◆ What you are asked to do:
Given the listing below, write out exactly the lines starting with the line that has "[set p | match p with" and going on through the line that has "by rewrite (set2_other ae", both kept.
--- Record excerpts Enclosed Below ---
Lemma glue_star : [/\ glue ex2 = inl ex1, glue ey2 = inl ey1 & glue ez2 = inl ez1].
Proof.
move: uniq_e2; rewrite /= !inE !negb_or => /andP [/andP [nxy nxz] /andP [nyz _]].
by rewrite /glue !eqxx eq_sym (negPf nxy) eq_sym (negPf nxz) eq_sym (negPf nyz).
Qed.

Lemma glue_inl f e : glue f = inl e ->
  [/\ e \in bag D1 i1, f \in bag D2 i2,
      exists a, ends D1 e = [set v1; a] & exists b, ends D2 f = [set v2; b]].
Proof.
have in1 e' : e' \in [set ex1; ey1; ez1] -> e' \in bag D1 i1 by apply/subsetP.
have in2 f' : f' \in [set ex2; ey2; ez2] -> f' \in bag D2 i2 by apply/subsetP.
rewrite /glue; case: eqP => [-> [<-]|_].
  by split; [apply: in1 | apply: in2 | exists x1 | exists x2]; rewrite ?inE ?eqxx.
case: eqP => [-> [<-]|_].
  by split; [apply: in1 | apply: in2 | exists y1 | exists y2]; rewrite ?inE ?eqxx ?orbT.
case: eqP => [-> [<-]|_] //.
by split; [apply: in1 | apply: in2 | exists z1 | exists z2]; rewrite ?inE ?eqxx ?orbT.
Qed.

Lemma glue_inr f f' : glue f = inr f' -> f' = f.
Proof. by rewrite /glue; do 3 case: eqP => // _; case. Qed.

Definition glued_ends (u : pedgeB) : {set vtx BG} :=
  [set p | match p with
           | inl a => [exists e, (u == inl e) && (val a \in ends D1 e)]
           | inr b => [exists f, (u == glue f) && (val b \in ends D2 f)]
           end].

Definition glued_bag (k : node D1 + node D2) : {set pedgeB} :=
  match k with inl i => inl @: bag D1 i | inr j => glue @: bag D2 j end.

Lemma glued_ends_inlP a u :
  reflect (exists2 e, u = inl e & val a \in ends D1 e) (inl a \in glued_ends u).
Proof.
rewrite inE; apply: (iffP existsP) => [[e /andP [/eqP -> ae]]|[e -> ae]]; exists e => //.
by rewrite eqxx.
Qed.

Lemma glued_ends_inrP b u :
  reflect (exists2 f, u = glue f & val b \in ends D2 f) (inr b \in glued_ends u).
Proof.
rewrite inE; apply: (iffP existsP) => [[f /andP [/eqP -> bf]]|[f -> bf]]; exists f => //.
by rewrite eqxx.
Qed.

Lemma card_glued_ends_inr f : #|glued_ends (inr f)| <= 2.
Proof.
have right_only p : p \in glued_ends (inr f) -> exists2 b, p = inr b & val b \in ends D2 f.
  case: p => [a /glued_ends_inlP [] //|b /glued_ends_inrP [f' /esym/glue_inr <- bf]].
  by exists b.
apply: leq_trans (card_ends D2 f).
apply: (leq_card_in_set (f := fun p : vtx BG => if p is inr b then val b else v2)).
  move=> p p' /right_only [b -> _] /right_only [b' -> _] /= eq_val.
  by congr inr; apply: val_inj.
by move=> p /right_only [b -> bf].
Qed.

Lemma card_glued_ends_inl e : #|glued_ends (inl e)| <= 2.
Proof.
have [/existsP [f /eqP glue_f]|no_glue] := boolP [exists f, glue f == inl e].
  have [_ _ [a0 Ee] [b0 Ef]] := glue_inl glue_f.
  apply: (@leq_trans #|[set: bool]|); last by rewrite cardsT card_bool.
  apply: (leq_card_in_set (f := fun p : vtx BG => if p is inl _ then true else false)) => //.
  case=> [a|b] [a'|b'] //.
    move=> /glued_ends_inlP [_ [<-] ae] /glued_ends_inlP [_ [<-] ae'] _.
    rewrite Ee in ae ae'; congr inl; apply: val_inj.
    by rewrite (set2_other ae (valP a)) (set2_other ae' (valP a')).
  move=> /glued_ends_inrP [f1 f1E bf1] /glued_ends_inrP [f2 f2E bf2] _.
  rewrite -glue_f in f1E f2E; rewrite -(glue_inj f1E) Ef in bf1.
  rewrite -(glue_inj f2E) Ef in bf2; congr inr; apply: val_inj.
  by rewrite (set2_other bf1 (valP b)) (set2_other bf2 (valP b')).
have left_only p : p \in glued_ends (inl e) -> exists2 a, p = inl a & val a \in ends D1 e.
  case: p => [a /glued_ends_inlP [e' [<-] ae]|b /glued_ends_inrP [f glue_f _]].
    by exists a.
  by move: no_glue; rewrite negb_exists => /forallP /(_ f); rewrite -glue_f eqxx.
apply: leq_trans (card_ends D1 e).
apply: (leq_card_in_set (f := fun p : vtx BG => if p is inl a then val a else v1)).
  move=> p p' /left_only [a -> _] /left_only [a' -> _] /= eq_val.
  by congr inl; apply: val_inj.
by move=> p /left_only [a -> ae].
Qed.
--- End of Enclosed Record excerpts ---
◆ Answer to the exercise:
  [set p | match p with
           | inl a => [exists e, (u == inl e) && (val a \in ends D1 e)]
           | inr b => [exists f, (u == glue f) && (val b \in ends D2 f)]
           end].

Definition glued_bag (k : node D1 + node D2) : {set pedgeB} :=
  match k with inl i => inl @: bag D1 i | inr j => glue @: bag D2 j end.

Lemma glued_ends_inlP a u :
  reflect (exists2 e, u = inl e & val a \in ends D1 e) (inl a \in glued_ends u).
Proof.
rewrite inE; apply: (iffP existsP) => [[e /andP [/eqP -> ae]]|[e -> ae]]; exists e => //.
by rewrite eqxx.
Qed.

Lemma glued_ends_inrP b u :
  reflect (exists2 f, u = glue f & val b \in ends D2 f) (inr b \in glued_ends u).
Proof.
rewrite inE; apply: (iffP existsP) => [[f /andP [/eqP -> bf]]|[f -> bf]]; exists f => //.
by rewrite eqxx.
Qed.

Lemma card_glued_ends_inr f : #|glued_ends (inr f)| <= 2.
Proof.
have right_only p : p \in glued_ends (inr f) -> exists2 b, p = inr b & val b \in ends D2 f.
  case: p => [a /glued_ends_inlP [] //|b /glued_ends_inrP [f' /esym/glue_inr <- bf]].
  by exists b.
apply: leq_trans (card_ends D2 f).
apply: (leq_card_in_set (f := fun p : vtx BG => if p is inr b then val b else v2)).
  move=> p p' /right_only [b -> _] /right_only [b' -> _] /= eq_val.
  by congr inr; apply: val_inj.
by move=> p /right_only [b -> bf].
Qed.

Lemma card_glued_ends_inl e : #|glued_ends (inl e)| <= 2.
Proof.
have [/existsP [f /eqP glue_f]|no_glue] := boolP [exists f, glue f == inl e].
  have [_ _ [a0 Ee] [b0 Ef]] := glue_inl glue_f.
  apply: (@leq_trans #|[set: bool]|); last by rewrite cardsT card_bool.
  apply: (leq_card_in_set (f := fun p : vtx BG => if p is inl _ then true else false)) => //.
  case=> [a|b] [a'|b'] //.
    move=> /glued_ends_inlP [_ [<-] ae] /glued_ends_inlP [_ [<-] ae'] _.
    rewrite Ee in ae ae'; congr inl; apply: val_inj.
    by rewrite (set2_other ae (valP a)) (set2_other ae' (valP a')).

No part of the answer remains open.